Preparatory work involving ground surveys in the right of way of Interstate 15 and recruitment of up to 11,000 workers began in January 2024. A groundbreaking ceremony was held on April 22, 2024, at the planned Las Vegas station site, marking the official start of construction. Heavy construction was scheduled to begin in early 2025, with the Nevada DOT saying work could start in April 2025. However, as of October 2025, the major construction for the rail line is expected to begin in April 2026. To oversee this critical phase, former CEO Michael Reininger transitioned to a new role in January 2026 as Managing Director dedicated exclusively to the delivery of the brightline West project.

The company originally aimed to have the line operational for the 2028 Summer Olympics in Los Angeles.
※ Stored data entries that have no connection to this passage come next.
(* Let $K$ be a field and let $G_1, G_2$ be finite simple graphs. If the cut ideals of $G_1$ and $G_2$ admit squarefree Gröbner bases, then so does the cut ideal of their disjoint union $G_1 \sqcup G_2$.
   Context: For a finite simple graph $G$ with vertex set $V(G)$ and edge set $E(G)$, an unordered partition $A|B$ of $V(G)$ (into two sets, one of which may be empty) defines the cut $Cut(A|B)$, the set of edges with one endpoint in $A$ and the other in $B$. The cut ideal $I_G$ is the kernel of the $K$-algebra homomorphism $\phi_G: K[q_{A|B} : A|B \text{ unordered partition of } V(G)] \to K[s_{ij}, t_{ij} : \{i,j\} \in E(G)]$, $q_{A|B} \mapsto \prod_{\{i,j\}\in Cut(A|B)} s_{ij} \prod_{\{i,j\}\in E(G)\setminus Cut(A|B)} t_{ij}$. An ideal admits a squarefree Gröbner basis if, for some monomial order, it has a Gröbner basis consisting of binomials each of which is a difference of two squarefree monomials. *)

From HB Require Import structures.
From mathcomp Require Import all_boot all_order all_algebra.
From mathcomp Require Import mpoly.
Set Implicit Arguments.
Unset Strict Implicit.
Unset Printing Implicit Defensive.
Import Order.TTheory GRing.Theory.
Local Open Scope ring_scope.

Definition simple_graph (V : finType) (e : rel V) : Prop :=
  ssrbool.symmetric e /\ irreflexive e.

Definition is_edge (V : finType) (e : rel V) : pred {set V} :=
  fun E => [exists i, exists j, e i j && (E == [set i; j])].
Definition edge (V : finType) (e : rel V) := {E : {set V} | is_edge e E}.

(* Unordered partitions A|B of V (B = complement of A; one block may be
   empty), represented as the set of blocks {A, V \ A}. *)
Definition is_upart (V : finType) : pred {set {set V}} :=
  fun P => [exists A : {set V}, P == [set A; ~: A]].
Definition upart (V : finType) := {P : {set {set V}} | is_upart P}.

Definition in_cut (V : finType) (e : rel V) (P : upart V) (E : edge e) : bool :=
  [exists i in val E, exists j in val E, exists A in val P,
     (i \in A) && (j \notin A)].

Definition disj_union (V1 V2 : finType) (e1 : rel V1) (e2 : rel V2)
  : rel (V1 + V2)%type :=
  fun x y => match x, y with
             | inl a, inl b => e1 a b
             | inr a, inr b => e2 a b
             | _, _ => false
             end.

(* Number of variables q_{A|B}; the variable 'X_i corresponds to the
   unordered partition enum_val i. *)
Definition nq (V : finType) : nat := #|{: upart V}|.
(* Number of edges; the target ring K[s_E, t_E : E edge] is
   {mpoly K[ne + ne]}, s_E = 'X_(lshift (enum_rank E)),
   t_E = 'X_(rshift (enum_rank E)). *)
Definition ne (V : finType) (e : rel V) : nat := #|{: edge e}|.

Definition s_var (K : fieldType) (V : finType) (e : rel V) (E : edge e)
  : {mpoly K[ne e + ne e]} := 'X_(lshift (ne e) (enum_rank E)).
Definition t_var (K : fieldType) (V : finType) (e : rel V) (E : edge e)
  : {mpoly K[ne e + ne e]} := 'X_(rshift (ne e) (enum_rank E)).

Definition phi_var (K : fieldType) (V : finType) (e : rel V) (i : 'I_(nq V))
  : {mpoly K[ne e + ne e]} :=
  \prod_(E : edge e)
     (if in_cut (enum_val i) E then s_var K E else t_var K E).

Definition phi (K : fieldType) (V : finType) (e : rel V)
  (p : {mpoly K[nq V]}) : {mpoly K[ne e + ne e]} :=
  mmap (fun c : K => c%:MP) (@phi_var K V e) p.

Definition cut_ideal (K : fieldType) (V : finType) (e : rel V)
  : pred {mpoly K[nq V]} :=
  fun p => phi e p == 0.

Definition monomial_order (n : nat) (le : rel 'X_{1..n}) : Prop :=
  [/\ reflexive le, antisymmetric le, transitive le, total le &
      ((forall m, le 0%MM m) /\
       (forall m1 m2 m, le m1 m2 -> le (m1 + m)%MM (m2 + m)%MM))].

Definition is_lead (K : fieldType) (n : nat) (le : rel 'X_{1..n})
  (p : {mpoly K[n]}) (m : 'X_{1..n}) : Prop :=
  m \in msupp p /\ (forall m', m' \in msupp p -> le m' m).

(* gb is a Groebner basis of I w.r.t. le: gb is contained in I and the
   initial ideal in_le(I) is generated by the leading monomials of the
   elements of gb, i.e. every leading monomial of a nonzero element of I is
   divisible by the leading monomial of some element of gb. *)
Definition groebner_basis (K : fieldType) (n : nat) (le : rel 'X_{1..n})
  (I : pred {mpoly K[n]}) (gb : seq {mpoly K[n]}) : Prop :=
  (forall g, g \in gb -> g \in I) /\
  (forall f mf, f \in I -> is_lead le f mf ->
     exists g, exists mg, [/\ g \in gb, is_lead le g mg & (mg <= mf)%MM]).

Definition sqfree_mnm (n : nat) (m : 'X_{1..n}) : bool :=
  [forall i, m i <= 1]%N.

Definition sqfree_binomial (K : fieldType) (n : nat) (g : {mpoly K[n]}) : Prop :=
  exists m1 m2 : 'X_{1..n},
    [/\ sqfree_mnm m1, sqfree_mnm m2 & g = 'X_[m1] - 'X_[m2]].

Definition has_sqfree_gb (K : fieldType) (n : nat) (I : pred {mpoly K[n]})
  : Prop :=
  exists le : rel 'X_{1..n}, exists gb : seq {mpoly K[n]},
    [/\ monomial_order le, groebner_basis le I gb
      & forall g, g \in gb -> sqfree_binomial g].

Arguments cut_ideal K {V} e.
Arguments phi K {V} e p.

(* The cut ideal of G is the toric ideal of the monomial map
   q_P |-> prod_E (s_E or t_E), and a toric ideal has a squarefree Groebner
   basis for an order iff every monomial of a fibre of the exponent map other
   than the least one is divisible by the leading monomial of a squarefree
   binomial X^a - X^b with a, b in a common fibre.
   A cut of G1 + G2 restricts to cuts of G1 and of G2, and each pair of cuts
   glues back in exactly two ways, so the degree-refined fibres of G1 + G2 are
   pairs of fibres of G1 and G2: a toric fibre product.  Order monomials first
   by their G1-margin, then by their G2-margin, then by the number of
   non-canonical variables, then by a crossing weight.  Linear binomials
   remove non-canonical variables, quadratic ones remove crossings, moves of
   G1 or G2 lift to the product, and a canonical non-crossing monomial is
   determined by its margins, hence is the least monomial of its fibre. *)

From HB Require Import structures.
From mathcomp Require Import all_boot all_order all_algebra.
From mathcomp Require Import mpoly.
From mathcomp Require Import zify.
Set Implicit Arguments.
Unset Strict Implicit.
Unset Printing Implicit Defensive.
Import Order.TTheory GRing.Theory.
Local Open Scope ring_scope.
However, as of April 2025, officials now anticipate the line will begin service September 2029, too late for the Olympics. In January 2026, updated financial disclosure revealed that the estimated cost of the project had risen to $21.5 billion.
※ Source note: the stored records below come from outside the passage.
(* For a stable nonzero m, some real gain c makes 1 - h m vanish at a positive
   real point s, so that h / (1 - h m) has a pole at s and is not stable. *)
Lemma lag_resonance {m : tf} : stable_tf m -> m != 0 ->
  exists2 c : C, c \is Num.real &
    forall x : tf, stable_tf x -> x * (1 - lag c * m) != lag c.
Proof.
move=> [pm [qm [[qm0 rpm rqm _ em] hqm]]] m0.
have pm0 : pm != 0 by apply: contraNneq m0 => pm0; rewrite em pm0 tofrac0 mul0r.
have [s s_gt0 pms] := exists_positive_nonroot pm0.
have qms := stable_denominator_nonroot hqm (ltW s_gt0).
have sr : s \is Num.real := gtr0_real s_gt0.
pose c := (s + 1) * qm.[s] / pm.[s].
have c0 : c != 0 by rewrite !mulf_neq0 ?invr_eq0 // lt0r_neq0 // ltr_wpDr.
have c_resonant : c * pm.[s] = (s + 1) * qm.[s] by rewrite divfK.
exists c; first by rewrite !rpredM ?rpredV ?rpredD ?rpred1 ?rpred_horner.
move=> x [px [qx [[qx0 _ _ _ ex] hqx]]]; apply/eqP => hx.
have qxs := stable_denominator_nonroot hqx (ltW s_gt0).
have qxF : qx%:F != 0 :> tf by rewrite tofrac_eq0.
have qmF : qm%:F != 0 :> tf by rewrite tofrac_eq0.
have denF : lag_den%:F != 0 :> tf by rewrite tofrac_eq0 lag_den_neq0.
move: hx; rewrite ex em /lag => /(clear_denominators qxF denF qmF).
rewrite -!tofracM -tofracB -tofracM => /eqP; rewrite tofrac_eq => /eqP.
move/(congr1 (horner^~ s)); rewrite /= /lag_den !hornerE c_resonant subrr mulr0.
by move/esym/eqP; apply/negP; exact: mulf_neq0 (mulf_neq0 c0 qxs) qms.
Qed.
End Lag.

Section Retrofit.
Context {C : numClosedFieldType} {nv nu nw ny : nat}.
Context {Gwv : 'M[tf C]_(nw, nv)} {Gwu : 'M[tf C]_(nw, nu)}
        {Gyv : 'M[tf C]_(ny, nv)} {Gyu : 'M[tf C]_(ny, nu)}.
Hypotheses (HGwv : RHinf Gwv) (HGwu : RHinf Gwu)
           (HGyv : RHinf Gyv) (HGyu : RHinf Gyu).

Local Notation G := (block_mx Gwv Gwu Gyv Gyu).
Local Notation U Q := (1%:M + Q *m Gyu).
Since the groundbreaking, field investigations and early-site activities has advanced throughout both Nevada and California. By mid-2025, Brightline West crews were performing geotechnical borings, utility potholing, and survey operations along the Interstate 15 corridor, including bridge-potholing work near the I-15/SR-210 interchange in Rancho Cucamonga. In California's High Desert, crews expanded operations through Victor Valley and Hesperia, conducting soil sampling and drainage surveys. Field work continued to intensify into early 2026, focusing on the I-15 median preparation.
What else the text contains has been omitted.